(Dataset entries)
(* In the supersample setting described in the context, assume the loss takes values in $\{0,1\}$ and let $\gamma\in(0,1)$. For any $C_1>0$, \[ \mathrm{Err}-C_1V(\gamma)\leq\frac{2+C_1\gamma^2}{n}\sum_{i=1}^n\mathbb E_{L^+_{i},\tilde{\varepsilon}_i}\left[\tilde{\varepsilon}_iL^+_{i}\right], \] where $\tilde{\varepsilon}_i=(-1)^{1-U_i}-\frac{C_1\gamma^2}{C_1\gamma^2+2}$ (a shifted Rademacher variable with mean $-\frac{C_1\gamma^2}{C_1\gamma^2+2}$).
   Context: Let $\mathcal Z=\mathcal X\times\mathcal Y$ and let $\mu$ be a distribution on $\mathcal Z$. A (possibly randomized) learning algorithm $\mathcal A$ maps a training sample in $\mathcal Z^n$ to a hypothesis $W\in\mathcal W$, and $\ell:\mathcal W\times\mathcal Z\to\{0,1\}$ is a loss. For $S=(Z_1,\dots,Z_n)\sim\mu^{n}$ and $W\sim P_{W|S}$, let $L_\mu=\mathbb E_W\mathbb E_{Z'\sim\mu}[\ell(W,Z')]$ (with $Z'$ independent of $(S,W)$), $L_S(w)=\frac1n\sum_i\ell(w,Z_i)$, $L_n=\mathbb E_{W,S}[L_S(W)]$ and $\mathrm{Err}=L_\mu-L_n$. The $\gamma$-variance is $V(\gamma)=\mathbb E_{W,S}\big[\frac1n\sum_{i=1}^n(\ell(W,Z_i)-(1+\gamma)L_S(W))^2\big]$. Supersample: $\widetilde Z=(\widetilde Z_{i,j})_{i\in\{1,\dots,n\},j\in\{0,1\}}$ with i.i.d. entries of law $\mu$; $U=(U_1,\dots,U_n)$ uniform on $\{0,1\}^n$, independent of $\widetilde Z$; $W=\mathcal A(\widetilde Z_U)$ with $\widetilde Z_U=(\widetilde Z_{1,U_1},\dots,\widetilde Z_{n,U_n})$; $L_i^+=\ell(W,\widetilde Z_{i,0})$. *)

From HB Require Import structures.
From mathcomp Require Import all_boot all_order all_algebra.
From mathcomp Require Import all_classical all_reals all_analysis.
Set Implicit Arguments. Unset Strict Implicit. Unset Printing Implicit Defensive.
Import Order.TTheory GRing.Theory Num.Theory.
Local Open Scope classical_set_scope.
Local Open Scope ring_scope.

Definition preimg_sigma {dO dT : measure_display} {Omega : measurableType dO}
  {T : measurableType dT} (X : Omega -> T) : set (set Omega) :=
  [set E | exists2 B : set T, measurable B & E = X @^-1` B].

Definition mutually_independent {dO : measure_display} {Omega : measurableType dO}
  {R : realType} (P : probability Omega R) (I : finType)
  (G : I -> set (set Omega)) : Prop :=
  forall (J : {set I}) (E : I -> set Omega),
    (forall k, k \in J -> G k (E k)) ->
    P (\bigcap_(k in [set k | k \in J]) E k) = (\prod_(k in J) P (E k))%E.

(** index type of the supersample random elements:
    inl (inl (i, j)) : Ztilde_{i,j};  inl (inr i) : U_i;
    inr true : internal randomness xi of the algorithm;
    inr false : fresh test point Z'. *)
Definition ss_index (n : nat) : finType := ((('I_n * bool) + 'I_n) + bool)%type.

Section Supersample.
Context {R : realType} {dO dZ dW dX : measure_display}
  {Omega : measurableType dO} {Z : measurableType dZ}
  {W : measurableType dW} {Xi : measurableType dX}.
Variable (P : probability Omega R) (n : nat).
Variable (A : n.-tuple Z -> Xi -> W) (loss : W -> Z -> R).
Variable (Zt : 'I_n -> bool -> Omega -> Z) (U : 'I_n -> Omega -> bool)
  (xi : Omega -> Xi) (Zp : Omega -> Z).
(* For every $A\in\mathcal A$, the predominated graph $(A,V(A)\setminus X(A))$ is an atomic MBD critical graph.
   Context: For a tree $T$, $S(T)$ is obtained by subdividing each edge of $T$ exactly once; $\mathcal S=\{S(T):T\text{ a tree}\}$ and $X(S(T))=V(T)$ (with $S(P_1)=P_1$, $X(P_1)=V(P_1)$). For an integer $k\ge 2$, the $k$-odd replacement of an edge $xy$ of a graph removes $xy$ and adds $k$ internally vertex-disjoint $x,y$-paths of arbitrary odd lengths. $\mathcal A$ is the smallest family of graphs such that (i) $\mathcal S\subseteq\mathcal A$ (with the given $X$), and (ii) if $A\in\mathcal A$ and $A'$ is obtained from $A$ by a $k$-odd replacement ($k\ge2$) of an edge of $A$, then $A'\in\mathcal A$, with $X(A')$ the bipartition class of the bipartite graph $A'$ containing $X(A)$. A predominated graph is a pair $(G,D)$ with $D\subseteq V(G)$; in the MBD game on $(G,D)$, Staller and Dominator alternately claim unclaimed vertices of $V(G)$ (including those of $D$), Staller first; Staller wins if she claims all of $N_G[v]$ for some $v\in V(G)\setminus D$, Dominator wins otherwise. $(G,D)$ is MBD critical if Staller wins on $(G,D)$ but Dominator wins on $(G,D\cup\{v\})$ for every $v\in V(G)\setminus D$; it is atomic MBD critical if additionally $D$ is independent in $G$ and no vertex of $D$ is isolated in $G$. *)

(* Graphs are labelled on natural numbers:
   a graph is a finite vertex list V : seq nat together with an adjacency
   relation a : nat -> nat -> Prop (only relating vertices of V). *)
From mathcomp Require Import all_boot.
Set Implicit Arguments. Unset Strict Implicit. Unset Printing Implicit Defensive.

Fixpoint walk (r : nat -> nat -> Prop) (x : nat) (p : seq nat) : Prop :=
  match p with
  | [::] => True
  | y :: q => r x y /\ walk r y q
  end.

Definition is_tree (U : seq nat) (t : nat -> nat -> Prop) : Prop :=
  [/\ (exists x, x \in U),
      (forall x y, t x y -> [/\ x \in U, y \in U, x <> y & t y x]),
      (forall x y, x \in U -> y \in U -> exists p, walk t x p /\ last x p = y)
    & (forall x p, uniq (x :: p) -> 2 <= size p -> walk t x p -> ~ t (last x p) x)].

Definition consec (s : seq nat) (u v : nat) : Prop :=
  exists i, i.+1 < size s /\ nth 0 s i = u /\ nth 0 s i.+1 = v.

(* The family \mathcal A, as triples (V(A), adjacency of A, X(A)).
   Constructor inA_sub: A = S(T) for a tree (U,t), the subdivision vertex of
   edge xy being labelled m x y (fresh, injective on edges); X = V(T).
   Constructor inA_rep: k-odd replacement (k = size P >= 2) of the edge xy of
   A; the j-th new x,y-path is x :: q_j ++ [:: y] where q_j is the j-th list
   of P (even number of fresh internal vertices, so odd length); X' is the
   bipartition class of A' containing X. *)
Inductive inA : seq nat -> (nat -> nat -> Prop) -> seq nat -> Prop :=
| inA_sub (U : seq nat) (t : nat -> nat -> Prop) (m : nat -> nat -> nat)
    (V : seq nat) (a : nat -> nat -> Prop) (X : seq nat) :
    is_tree U t ->
    (forall x y, t x y -> m x y = m y x) ->
    (forall x y, t x y -> m x y \notin U) ->
    (forall x y x' y', t x y -> t x' y' -> m x y = m x' y' ->
        (x = x' /\ y = y') \/ (x = y' /\ y = x')) ->
    (forall v, v \in V <-> v \in U \/ exists x y, t x y /\ v = m x y) ->
    (forall u v, a u v <-> exists x y, t x y /\
        ((u = x /\ v = m x y) \/ (u = m x y /\ v = x))) ->
    (forall v, v \in X <-> v \in U) ->
    inA V a X
| inA_rep (V : seq nat) (a : nat -> nat -> Prop) (X : seq nat) (x y : nat)
    (P : seq (seq nat)) (V' : seq nat) (a' : nat -> nat -> Prop) (X' : seq nat) :
    inA V a X ->
    a x y ->
    2 <= size P ->
    (forall q, q \in P -> ~~ odd (size q)) ->
    uniq (flatten P) ->
    (forall v, v \in flatten P -> v \notin V) ->
    count (fun q : seq nat => nilp q) P <= 1 ->
    (forall v, v \in V' <-> v \in V \/ v \in flatten P) ->
    (forall u v, a' u v <->
       (a u v /\ ~ ((u = x /\ v = y) \/ (u = y /\ v = x))) \/
       exists q, q \in P /\
         (consec (x :: q ++ [:: y]) u v \/ consec (x :: q ++ [:: y]) v u)) ->
    {subset X <= X'} ->
    {subset X' <= V'} ->
    (forall u v, a' u v -> (u \in X' <-> v \notin X')) ->
    inA V' a' X'.

(* Maker-Breaker domination game on the predominated graph ((V,a), D).
   staller_wins V a D S Dm : Staller (to move) can force a win from the
   position where S are Staller's and Dm Dominator's claimed vertices. *)
Definition nbhd_claimed (a : nat -> nat -> Prop) (S : seq nat) (u : nat) : Prop :=
  forall w, (w = u \/ a u w) -> w \in S.
(* As [4 q + q^2 = cosh_gap (2 d) = 4 sinh^2 d] for [q = cosh_gap d], this is
   [sinh d >= |sin (2 phi)| sinh |t|]: the line crossing the axis at [i] at angle [2 phi] is at
   distance at least [d] from [axis t]. *)
Lemma qdist_axis_rot_axis_ge C S t s : C^2 + S^2 = 1 ->
  4 * S^2 * C^2 * cosh_gap (2 * t) <=
  4 * qdist (axis t) (rot_axis C S s) + qdist (axis t) (rot_axis C S s) ^ 2.
Proof.
  intros H; pose proof (rot_axis_denom_gt0 C S s H) as n0.
  rewrite qdist_axis_rot_axis, cosh_gap_sq, exp_Ropp by auto.
  pose proof (exp_pos t) as T0; pose proof (exp_pos s) as Y0.
  replace (C^2) with (1 - S^2) in * by lra.
  revert n0 T0 Y0; generalize (exp t) (exp s) (S^2); intros T Y p n0 T0 Y0.
  match goal with |- _ <= ?rhs =>
    replace rhs with (4 * p * (1 - p) * (T - / T) ^ 2 +
      (((T + / T) * (Y - / Y) - (T - / T) * (Y + / Y) * (1 - 2 * p)) / 2) ^ 2)
      by (field; repeat split; lra) end.
  pose proof (pow2_ge_0 (((T + / T) * (Y - / Y) - (T - / T) * (Y + / Y) * (1 - 2 * p)) / 2)).
  lra.
Qed.

(* [sinh (d / 2) = |sin phi| sinh l] in the isosceles triangle with apex [i] and legs [l]. *)
Lemma qdist_axis_rot_axis_diag C S l : C^2 + S^2 = 1 ->
  qdist (axis l) (rot_axis C S l) = S^2 * cosh_gap (2 * l).
Proof.
  intros H; pose proof (rot_axis_denom_gt0 C S l H) as n0.
  rewrite qdist_axis_rot_axis, cosh_gap_sq, exp_Ropp by auto.
  pose proof (exp_pos l) as T0.
  replace (C^2) with (1 - S^2) in * by lra.
  field; lra.
Qed.

Lemma cosh_gap_le_abs a b : 0 <= a -> a <= Rabs b -> cosh_gap a <= cosh_gap b.
Proof.
  intros Ha Hab; rewrite <- (cosh_gap_abs b).
  destruct Hab as [Hab|<-]; [left; apply cosh_gap_increasing|]; lra.
Qed.

(* Combines the two previous estimates; [C^2 >= 1/4] gives [|sin (2 phi)| >= |sin phi|]. *)
Lemma rot_axis_diag_close C S l eps t s : C^2 + S^2 = 1 -> 1/4 <= C^2 -> 0 <= l -> 0 <= eps ->
  l <= Rabs t -> hdist (axis t) (rot_axis C S s) < 2 * eps ->
  hdist (axis l) (rot_axis C S l) < 4 * eps.
Proof.
  intros HCS HC Hl He Ht Hd.
  assert (Hin := rot_axis_inH C S s HCS); assert (Hin' := rot_axis_inH C S l HCS).
  apply hdist_lt_qdist in Hd; auto using axis_inH; [|lra].
  apply hdist_lt_qdist; auto using axis_inH; [lra|].
  rewrite qdist_axis_rot_axis_diag by auto.
  replace (4 * eps) with (2 * (2 * eps)) by ring; rewrite (cosh_gap_double (2 * eps)).
  set (q := qdist (axis t) (rot_axis C S s)) in *.
  assert (q0 : 0 <= q) by (unfold q; rewrite <- cosh_gap_hdist; auto using axis_inH, cosh_gap_ge0).
  pose proof (cosh_gap_ge0 (2 * eps)).
  pose proof (qdist_axis_rot_axis_ge C S t s HCS) as Hq; fold q in Hq.
  assert (Hlt : cosh_gap (2 * l) <= cosh_gap (2 * t))
    by (apply cosh_gap_le_abs; [lra | rewrite Rabs_mult, Rabs_right; lra]).
  pose proof (cosh_gap_ge0 (2 * l)); pose proof (pow2_ge_0 S).
  assert (S^2 * cosh_gap (2 * l) <= 4 * S^2 * C^2 * cosh_gap (2 * t)).
  { apply Rle_trans with (S^2 * cosh_gap (2 * t)); [apply Rmult_le_compat_l; auto|].
    assert (0 <= (4 * C^2 - 1) * (S^2 * cosh_gap (2 * t)))
      by (apply Rmult_le_pos; [lra | apply Rmult_le_pos; auto using cosh_gap_ge0]).
    lra. }
  assert (q ^ 2 <= cosh_gap (2 * eps) ^ 2) by (apply pow_incr; lra).
  lra.
Qed.

Lemma rot_axis_opp C S t : C^2 + S^2 = 1 -> rot_axis C S (- t) = rot_axis (- S) C t.
Proof.
  intros H; unfold rot_axis.
  replace (axis (- t)) with (act (rot 0 1) (axis t))
    by (unfold axis; rewrite act_inversion_axis, exp_Ropp; auto using exp_pos).
  rewrite <- act_mmul; auto using axis_inH, det_rot.
  - f_equal; unfold mmul, rot; simpl; f_equal; ring.
  - apply det_rot; lra.
Qed.

(* Reversing [b] replaces [phi] by [phi + pi/2], so one orientation has [cos^2 phi >= 1/4]. *)
Lemma isom_lines_normal_form a b : isom_line a -> isom_line b -> a 0 = b 0 ->
  exists N C S sg, det N = 1 /\ C^2 + S^2 = 1 /\ 1/4 <= C^2 /\ (sg = 1 \/ sg = -1) /\
    (forall t, act N (a t) = axis t) /\ (forall t, act N (b (sg * t)) = rot_axis C S t).
Proof.
  intros Ha Hb Hab; destruct (isom_line_frame a Ha) as [N [HN HNa]].
  assert (Hb' : isom_line (fun t => act N (b t))) by (apply isom_line_act; auto).
  assert (b0 : act N (b 0) = axis 0) by (rewrite <- Hab; auto).
  destruct (isom_line_rot_axis _ Hb' b0) as [C [S [HCS Hrot]]].
  destruct (Rle_lt_dec (1/4) (C^2)).
  - exists N, C, S, 1; repeat split; auto.
    intro t; rewrite Rmult_1_l; apply Hrot.
  - exists N, (- S), C, (-1); repeat split; auto; try lra.
    intro t; rewrite <- rot_axis_opp, Hrot by auto; unfold rot_axis; do 2 f_equal; ring.
Qed.

Section Trap.

Variables (Gamma : mat -> Prop) (L eps C S : R) (a b : R -> pt) (ea eb N : mat).

Hypothesis Gamma_det : forall h, Gamma h -> det h = 1.
Hypothesis Gamma_mmul : forall g h, Gamma g -> Gamma h -> Gamma (mmul g h).
Hypothesis Gamma_minv : forall h, Gamma h -> Gamma (minv h).
Hypothesis systole : systole_gt Gamma (8 * eps).
Hypothesis eps_gt0 : 0 < eps.
Hypothesis L_gt : 8 * eps < L.
Hypotheses (a_line : isom_line a) (b_line : isom_line b).
Hypothesis lines_meet_once : forall t s, a t = b s -> t = 0.
Hypotheses (Gamma_ea : Gamma ea) (ea_transl : forall t, act ea (a t) = a (t + L)).
Hypotheses (Gamma_eb : Gamma eb) (eb_transl : forall t, act eb (b t) = b (t + L)).
Hypotheses (det_N : det N = 1) (CS1 : C^2 + S^2 = 1) (C_large : 1/4 <= C^2).
Hypotheses (N_a : forall t, act N (a t) = axis t) (N_b : forall t, act N (b t) = rot_axis C S t).

Let a_inH := proj1 a_line.
Let b_inH := proj1 b_line.
Let det_ea := Gamma_det ea Gamma_ea.
Let det_eb := Gamma_det eb Gamma_eb.

Lemma hdist_ab t s : hdist (a t) (b s) = hdist (axis t) (rot_axis C S s).
Proof. rewrite <- N_a, <- N_b, hdist_act; auto. Qed.

Lemma hdist_ab_opp l : hdist (b (- l)) (a (- l)) = hdist (a l) (b l).
Proof.
  rewrite hdist_sym, !hdist_ab by auto.
  apply hdist_eq_qdist; auto using axis_inH, rot_axis_inH, hdist_ge0.
  rewrite cosh_gap_hdist, !qdist_axis_rot_axis_diag by auto using axis_inH, rot_axis_inH.
  replace (2 * - l) with (- (2 * l)) by ring; rewrite cosh_gap_opp; reflexivity.
Qed.

Lemma lines_meet_at0 : a 0 = b 0.
Proof.
  rewrite <- (act_minvK N (a 0)), <- (act_minvK N (b 0)), N_a, N_b by auto.
  unfold rot_axis; rewrite axis0, act_rot_i; auto.
Qed.

Lemma act_ea_mmul z : inH z -> act ea (act (mmul (minv ea) eb) z) = act eb z.
Proof.
  intros Hz; assert (det (minv ea) = 1) by (rewrite det_minv; auto).
  rewrite act_mmul, act_minvKV; auto using act_inH.
Qed.

Lemma hdist_translation_quotient :
  let u := a (- (L / 2)) in
  hdist u (act (mmul (minv ea) eb) u) <= 2 * hdist (a (L / 2)) (b (L / 2)).
Proof.
  intros u; assert (Hu : inH u) by apply a_inH.
  assert (dg : det (mmul (minv ea) eb) = 1) by (rewrite det_mmul, det_minv, det_ea, det_eb; ring).
  rewrite <- (hdist_act ea), act_ea_mmul by auto using act_inH.
  unfold u; rewrite ea_transl; replace (- (L / 2) + L) with (L / 2) by field.
  apply Rle_trans with (hdist (a (L / 2)) (b (L / 2)) + hdist (b (L / 2)) (act eb u));
    [apply hdist_triangle; auto using act_inH|].
  assert (E : b (L / 2) = act eb (b (- (L / 2)))) by (rewrite eb_transl; f_equal; field).
  rewrite E at 2; rewrite hdist_act, hdist_ab_opp by auto; lra.
Qed.

Lemma translations_not_equal : ~ (forall z, inH z -> act (mmul (minv ea) eb) z = z).
Proof.
  intros Hid.
  assert (E : a (0 + L) = b (0 + L))
    by (rewrite <- ea_transl, <- eb_transl, <- lines_meet_at0, <- act_ea_mmul, Hid; auto).
  apply lines_meet_once in E.
  lra.
Qed.

Lemma hdist_ab_half_ge : 4 * eps <= hdist (a (L / 2)) (b (L / 2)).
Proof.
  apply Rnot_lt_le; intro Hdel.
  pose proof hdist_translation_quotient as Hq; cbv zeta in Hq.
  destruct (classic (nontrivial (mmul (minv ea) eb))) as [nt|nt].
  - pose proof (systole _ (Gamma_mmul _ _ (Gamma_minv _ Gamma_ea) Gamma_eb) nt (a (- (L / 2)))
                 (a_inH _)); lra.
  - apply translations_not_equal; intros z Hz.
    apply not_and_or in nt; destruct nt as [E|E]; apply NNPP in E; rewrite E;
      auto using act_mid, act_mneg_id.
Qed.

Lemma trap_param_lt t s : hdist (a t) (b s) < 2 * eps -> Rabs t < L / 2.
Proof.
  intros Hd; apply Rnot_le_lt; intro Ht.
  rewrite hdist_ab in Hd.
  pose proof (rot_axis_diag_close C S (L / 2) eps t s CS1 C_large ltac:(lra) ltac:(lra) Ht Hd).
  rewrite <- hdist_ab in H; pose proof hdist_ab_half_ge; lra.
Qed.

Lemma trap_hdist_le t s t' s' : hdist (a t) (b s) < 2 * eps -> hdist (a t') (b s') < 2 * eps ->
  hdist (a t) (a t') <= L.
Proof.
  intros H H'; apply trap_param_lt, Rabs_def2 in H; apply trap_param_lt, Rabs_def2 in H'.
  rewrite (proj2 a_line); apply Rabs_le; lra.
Qed.

End Trap.

Lemma isom_line_inj c s t : isom_line c -> c s = c t -> s = t.
Proof.
  intros [Hin Hd] E; pose proof (Hd s t) as D; rewrite E, hdist_xx in D by auto.
  unfold Rabs in D; destruct (Rcase_abs (s - t)); lra.
Qed.

Lemma isom_line_reparam c sg t0 : isom_line c -> (sg = 1 \/ sg = -1) ->
  isom_line (fun t => c (sg * t + t0)) /\
  forall z, (exists t, z = c t) <-> (exists t, z = c (sg * t + t0)).
Proof.
  intros [Hin Hd] Hsg; split; [split|]; auto.
  - intros s t; rewrite Hd; replace (sg * s + t0 - (sg * t + t0)) with (sg * (s - t)) by ring.
    rewrite Rabs_mult; destruct Hsg as [->| ->];
      [rewrite Rabs_R1 | rewrite (Rabs_left (-1)) by lra]; ring.
  - intro z; split; [intros [t ->]; exists (sg * (t - t0)) | intros [t ->]; eauto].
    f_equal; destruct Hsg as [->| ->]; ring.
Qed.
(* Let $G$ be a finite simple graph with adjacency matrix $A$ and a Godsil-McKay switching set $X$, let $Y=V(G)\setminus X$, and let $G'$ be the graph obtained from $G$ by Godsil-McKay switching with respect to $X$. Order the vertices so that \[ A=\begin{bmatrix} B & M\\ M^{\top} & C\end{bmatrix},\qquad M=\begin{bmatrix} N & J & O\end{bmatrix}, \] where $B$ is the adjacency matrix of the subgraph induced on $X$, and the columns of $N$, $J$, $O$ correspond to the vertices of $Y$ having exactly $\tfrac12|X|$, exactly $|X|$, and no neighbours in $X$, respectively. Suppose that all vertices of $X$ have the same degree in $G$, and that $\overline{\Lambda}_G=\overline{\Lambda}_{G'}$. Suppose furthermore that either (a) $B=O$ (i.e. $X$ is a coclique), $N$ has at least two columns, and no two rows of $N$ are complementary; or (b) $B$ has all row sums equal to $\tfrac12|X|$, and no two rows of the matrix $[\,B\ \ N\,]$ are complementary. Let $H$ be a finite simple graph and $i$ a vertex of $H$. Then $\{i\}\times X$ is a Godsil-McKay switching set both in $H\times G$ and in $H\boxtimes G$. Moreover, if $i$ has degree at least one in $H$, then Godsil-McKay switching in $H\boxtimes G$ with respect to $\{i\}\times X$ yields a graph that is cospectral with but not isomorphic to $H\boxtimes G$; and if $i$ is adjacent in $H$ to a vertex of degree at least two, then Godsil-McKay switching in $H\times G$ with respect to $\{i\}\times X$ yields a graph that is cospectral with but not isomorphic to $H\times G$.
   Context: A subset $X$ of the vertex set of a graph $G$ is a (Godsil-McKay) switching set if $X$ induces a regular subgraph of $G$ and every vertex outside $X$ has either $0$, $\tfrac12|X|$ or $|X|$ neighbours in $X$. Godsil-McKay switching with respect to $X$ produces the graph $G'$ on the same vertex set obtained as follows: for each vertex $x\notin X$ having exactly $\tfrac12|X|$ neighbours in $X$, delete the edges from $x$ to these neighbours and join $x$ instead to the other $\tfrac12|X|$ vertices of $X$; all other adjacencies are unchanged. For a graph $\Gamma$ and vertices $x,y$, $\lambda_\Gamma(x,y)$ is the number of common neighbours of $x$ and $y$; $\overline{\Lambda}_G$ denotes the multiset $\{\lambda_G(x,y)\mid x\in X,\ y\in Y\}$ and $\overline{\Lambda}_{G'}=\{\lambda_{G'}(x,y)\mid x\in X,\ y\in Y\}$. Two rows of a $(0,1)$-matrix are complementary if their sum is the all-ones row. Two graphs are cospectral if their adjacency matrices have the same spectrum. If $H$ has adjacency matrix $E$, the tensor product $H\times G$ is the graph on $V(H)\times V(G)$ with adjacency matrix $E\otimes A$ (i.e. $(j,x)\sim(k,y)$ iff $j\sim k$ in $H$ and $x\sim y$ in $G$), and the strengthened tensor product $H\boxtimes G$ is the graph on $V(H)\times V(G)$ with adjacency matrix $(E+I)\otimes A$ (i.e. $(j,x)\sim(k,y)$ iff ($j=k$ or $j\sim k$ in $H$) and $x\sim y$ in $G$). *)

From mathcomp Require Import all_boot all_order all_algebra all_fingroup all_field.
Set Implicit Arguments. Unset Strict Implicit. Unset Printing Implicit Defensive.
Import GRing.Theory Num.Theory.
Local Open Scope ring_scope.
Lemma coercive_remainder_le (alpha beta a b d K Q e C : R) :
  0 < alpha -> 0 <= beta -> 0 <= d -> 0 <= Q -> 0 <= C -> 2 * d * e ^+ 2 <= alpha / 4 ->
  exists c0 c1 : R, 0 <= c1 /\ forall X Y P, 0 <= X -> 0 <= Y -> 0 <= P -> P <= e * X + C * Y ->
    alpha / 8 * (X + K) ^+ 2 + (a + b * X) * K + beta * Y ^+ 2 + d * (1 + P) * (P + Q)
      - alpha * X ^+ 2 <= c0 + c1 * Y ^+ 2.
Proof.
move=> alpha0 beta0 d0 Q0 C0 de2.
pose L := b * K + d * (1 + Q) * e; pose M := d * (1 + Q) * C.
have M0 : 0 <= M by rewrite !mulr_ge0 // addr_ge0.
exists (alpha / 4 * K ^+ 2 + a * K + d * Q + L ^+ 2 / alpha + M / 2).
exists (beta + 2 * d * C ^+ 2 + M / 2); split.
  by rewrite !addr_ge0 ?divr_ge0 // !mulr_ge0 // sqr_ge0.
move=> X Y P X0 Y0 P0 PXY.
have P2 : d * P ^+ 2 <= alpha / 4 * X ^+ 2 + 2 * d * C ^+ 2 * Y ^+ 2.
  have : P ^+ 2 <= 2 * e ^+ 2 * X ^+ 2 + 2 * C ^+ 2 * Y ^+ 2.
    have := sqr_ge0 (e * X - C * Y); have : P ^+ 2 <= (e * X + C * Y) ^+ 2.
      by rewrite ler_sqr ?nnegrE // (le_trans P0 PXY).
    nra.
  have := ler_wpM2r (sqr_ge0 X) de2; nra.
have P1 : d * (1 + Q) * P <= d * (1 + Q) * e * X + M * Y.
  by have := ler_wpM2l (mulr_ge0 d0 (addr_ge0 ler01 Q0)) PXY; rewrite /M; lra.
have LX : L * X <= alpha / 4 * X ^+ 2 + L ^+ 2 / alpha.
  have alpha4 : 4 * (alpha / 4) = alpha by rewrite mulrC divfK ?pnatr_eq0.
  by have := young_le (alpha / 4) L X (divr_gt0 alpha0 (ltr0n _ 4)); rewrite alpha4; lra.
have MY : M * Y <= M / 2 + M / 2 * Y ^+ 2.
  have := mulr_ge0 M0 (sqr_ge0 (Y - 1)); lra.
have XK : alpha / 8 * (X + K) ^+ 2 <= alpha / 4 * X ^+ 2 + alpha / 4 * K ^+ 2.
  have := mulr_ge0 (ltW alpha0) (sqr_ge0 (X - K)); lra.
have := mulr_ge0 (ltW alpha0) (sqr_ge0 X).
rewrite /L /M in LX P1 MY *; lra.
Qed.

**Task statement**. In your answer, include only the lines above starting at the line that holds "(* Reversing [b]" and ending at the line that holds "assert (Hb' : isom_line", copied exactly.

**Reply to the exercise**.
(* Reversing [b] replaces [phi] by [phi + pi/2], so one orientation has [cos^2 phi >= 1/4]. *)
Lemma isom_lines_normal_form a b : isom_line a -> isom_line b -> a 0 = b 0 ->
  exists N C S sg, det N = 1 /\ C^2 + S^2 = 1 /\ 1/4 <= C^2 /\ (sg = 1 \/ sg = -1) /\
    (forall t, act N (a t) = axis t) /\ (forall t, act N (b (sg * t)) = rot_axis C S t).
Proof.
  intros Ha Hb Hab; destruct (isom_line_frame a Ha) as [N [HN HNa]].
  assert (Hb' : isom_line (fun t => act N (b t))) by (apply isom_line_act; auto).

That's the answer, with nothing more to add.